Pediatric Myelodysplastic Syndrome: Symptoms, Diagnosis, and Treatment Options

Myelodysplastic syndrome (MDS) in children is a rare and complex blood disorder characterized by the bone marrow's inability to produce healthy, mature blood cells. Unlike adult MDS, pediatric cases often present with unique clinical features and require specialized diagnostic and therapeutic approaches. Early recognition of symptoms can significantly influence treatment outcomes and long-term prognosis.

Common Clinical Manifestations of Pediatric MDS

Children affected by myelodysplastic syndrome typically exhibit signs related to ineffective hematopoiesis—meaning the body struggles to generate functional red blood cells, white blood cells, and platelets. The most prevalent symptom is chronic anemia, which may lead to fatigue, pallor, shortness of breath, and reduced physical stamina. In many cases, anemia is persistent and does not respond well to conventional treatments such as iron supplementation or vitamin therapy.

In addition to anemia, patients may experience bleeding tendencies due to low platelet counts (thrombocytopenia). This can manifest as easy bruising, petechiae (small red or purple spots on the skin), nosebleeds, or prolonged bleeding from minor injuries. Recurrent infections are also common, resulting from neutropenia, or a deficiency in functional white blood cells, particularly granulocytes, which play a key role in fighting bacterial and fungal pathogens.

Some children may also present with hepatosplenomegaly (enlarged liver and spleen) or generalized lymphadenopathy (swollen lymph nodes). While these findings are not universal, their presence can prompt further investigation into underlying hematologic disorders.

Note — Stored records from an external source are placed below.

Lemma trivIset_branch_set r m : (forall i, (0 < i)%N -> (0 < r i)%N) -> (0 < m)%N ->
  trivIset [set j | (r 1%N <= j)%N] (branch_set r m).
Proof.
move=> r_gt0 m0 i k /= r1i r1k [x [Bi Bk]].
have sub_cylinder j : (r 1%N <= j)%N -> branch_set r m j `<=` cylinder j.
  move=> r1j; apply: branch_set_sub_cylinder => //; first exact: r_gt0.
  exact: leq_trans (r_gt0 1%N isT) r1j.
exact: cylinder_inj (sub_cylinder i r1i x Bi) (sub_cylinder k r1k x Bk).
Qed.

Lemma lebesgue_measure_branch_set r m j (P : nat) : (0 < j)%N -> (0 < P)%N ->
  measurable (ybounded_set (shift_bounds j r) m) ->
  mu (ybounded_set (shift_bounds j r) m) = (((ycoef j * P)%N)%:R^-1)%:E ->
  mu (branch_set r m j) = ((P%:R^-1)%:E * mu (cylinder j))%E.
Proof.
move=> j0 P0 mY muY.
rewrite lebesgue_measure_affine_preimage ?branch_slope_neq0 //.
rewrite muY lebesgue_measure_cylinder // -!EFinM; congr (_%:E).
rewrite -(branch_slope_ycoef j) natrM.
have slope_neq0 : `|branch_slope j| != 0 by rewrite normr_eq0 branch_slope_neq0.
by field; rewrite slope_neq0 !pnatr_eq0 -!lt0n ycoef_gt0 P0.
Qed.

Lemma lebesgue_measure_ybounded_set r m :
  (forall i, (0 < i)%N -> (0 < r i)%N) -> (0 < m)%N ->
  mu (ybounded_set r m) = (((\prod_(1 <= i < m.+1) r i)%N)%:R^-1)%:E.
Proof.
elim: m r => // m IH r r_gt0 _; have r1_gt0 := r_gt0 1%N isT.
have [->|m0] := posnP m.
  rewrite ybounded_set1 // lebesgue_measureD_rational // lebesgue_measure_itv /= lte_fin.
  by rewrite invr_gt0 ltr0n r1_gt0 oppr0 adde0 big_nat1.
set P := (\prod_(2 <= i < m.+2) r i)%N.
have P_gt0 : (0 < P)%N.
  rewrite /P big_nat_cond; apply: prodn_cond_gt0 => i /andP[/andP[i2 _] _].
  exact: r_gt0 (leq_trans _ i2).
have mY j := measurable_ybounded_set (shift_bounds_gt0 j r_gt0) m0.
have mu_branch j : (r 1%N <= j)%N ->
    mu (branch_set r m j) = ((P%:R^-1)%:E * mu (cylinder j))%E.
  move=> r1j; apply: lebesgue_measure_branch_set => //.
    exact: leq_trans r1_gt0 r1j.
  by rewrite IH // ?prod_shift_bounds //; exact: shift_bounds_gt0.
have mB j : measurable (branch_set r m j) := measurable_affine_preimage _ _ (mY j).
rewrite ybounded_set_bigcup //.
rewrite (measure_bigcup mu _ _ (fun j _ => mB j) (trivIset_branch_set r_gt0 m0)).
rewrite (eq_eseriesr (g := fun j => ((P%:R^-1)%:E * mu (cylinder j))%E)); last first.
  by move=> j; rewrite inE; exact: mu_branch.
rewrite nneseriesZl; last by move=> j _; exact: measure_ge0.
by rewrite lebesgue_measure_cylinders // -EFinM big_ltn // natrM invfM mulrC.
Qed.

End YsequenceMeasure.

Theorem lemma3p6 (R : realType) (r : nat -> nat)
  (hr : forall i : nat, (1 <= i)%N -> (0 < r i)%N /\ odd (r i))
  (n : nat) (hn : (1 <= n)%N) :
  (@lebesgue_measure R)
    [set x | Irr x /\ forall i : nat, (1 <= i <= n)%N -> yn i x <= ((r i)%:R)^-1]
  = (((\prod_(1 <= i < n.+1) r i)%N)%:R^-1)%:E.
Proof.
have r_gt0 i : (0 < i)%N -> (0 < r i)%N by move=> /hr[].
exact: lebesgue_measure_ybounded_set r_gt0 hn.
Qed.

Blood and Bone Marrow Findings

Peripheral Blood Abnormalities

Complete blood count (CBC) analysis typically reveals cytopenias—low levels in one, two, or all three major blood cell lines: hemoglobin (anemia), neutrophils (neutropenia), and platelets (thrombocytopenia). This pancytopenia or multilineage dysplasia is a hallmark of MDS and helps differentiate it from other causes of low blood counts in children, such as nutritional deficiencies or transient viral suppression.

Peripheral blood smears may show abnormal cell morphology, including hypogranular neutrophils, pseudo-Pelger-Huët anomalies, or fragmented red blood cells, providing additional clues to the presence of dysplastic hematopoiesis.

Bone Marrow Examination

A definitive diagnosis requires a bone marrow aspiration and biopsy. In pediatric MDS, the marrow is often hypercellular, meaning it is packed with developing blood cells, yet fails to release adequate numbers of mature, functional cells into circulation. This phenomenon, known as ineffective hematopoiesis, is accompanied by morphological evidence of dysplasia in at least one cell lineage—erythroid, myeloid, or megakaryocytic.

Dysplastic changes may include megaloblastoid erythropoiesis, abnormal nuclear segmentation in granulocyte precursors, or micromegakaryocytes with single nuclei. Cytogenetic testing and molecular profiling are essential to identify chromosomal abnormalities such as monosomy 7 or mutations in genes like SAMD9, SAMD9L, or GATA2, which are more frequently associated with childhood MDS than adult forms.

Risk of Leukemic Transformation

One of the most concerning aspects of pediatric MDS is its potential to progress to acute myeloid leukemia (AML). Children with high-risk subtypes, especially those with excess blasts or specific genetic mutations, face a significantly elevated risk of transformation. Once AML develops, aggressive chemotherapy becomes necessary, although response rates vary depending on age, genetic profile, and overall health status.

Because of this inherent instability in the hematopoietic system, early intervention is crucial. Close monitoring through regular blood tests and bone marrow evaluations allows clinicians to detect progression at an early stage and initiate timely treatment.

Treatment Approaches and Long-Term Management

Managing pediatric myelodysplastic syndrome is challenging due to its refractory nature. Conventional supportive therapies such as blood transfusions and antimicrobial prophylaxis help manage symptoms but do not alter the disease course. Growth factor therapies like erythropoietin or G-CSF have limited efficacy in children compared to adults.

This procedure involves replacing the child's defective bone marrow with healthy stem cells from a matched donor, ideally a sibling or unrelated HLA-compatible individual. Success rates are higher when transplantation is performed before the onset of AML and in younger patients with fewer comorbidities.

Despite advances in transplant techniques and conditioning regimens, challenges remain—including graft-versus-host disease (GVHD), infection risks, and long-term side effects. Therefore, comprehensive pre-transplant evaluation and post-transplant care are vital components of treatment planning.

In recent years, research has focused on targeted therapies and immunomodulatory agents for patients who are not immediate candidates for transplantation. Clinical trials exploring novel drugs and gene-editing technologies offer hope for future breakthroughs in managing this rare but serious condition.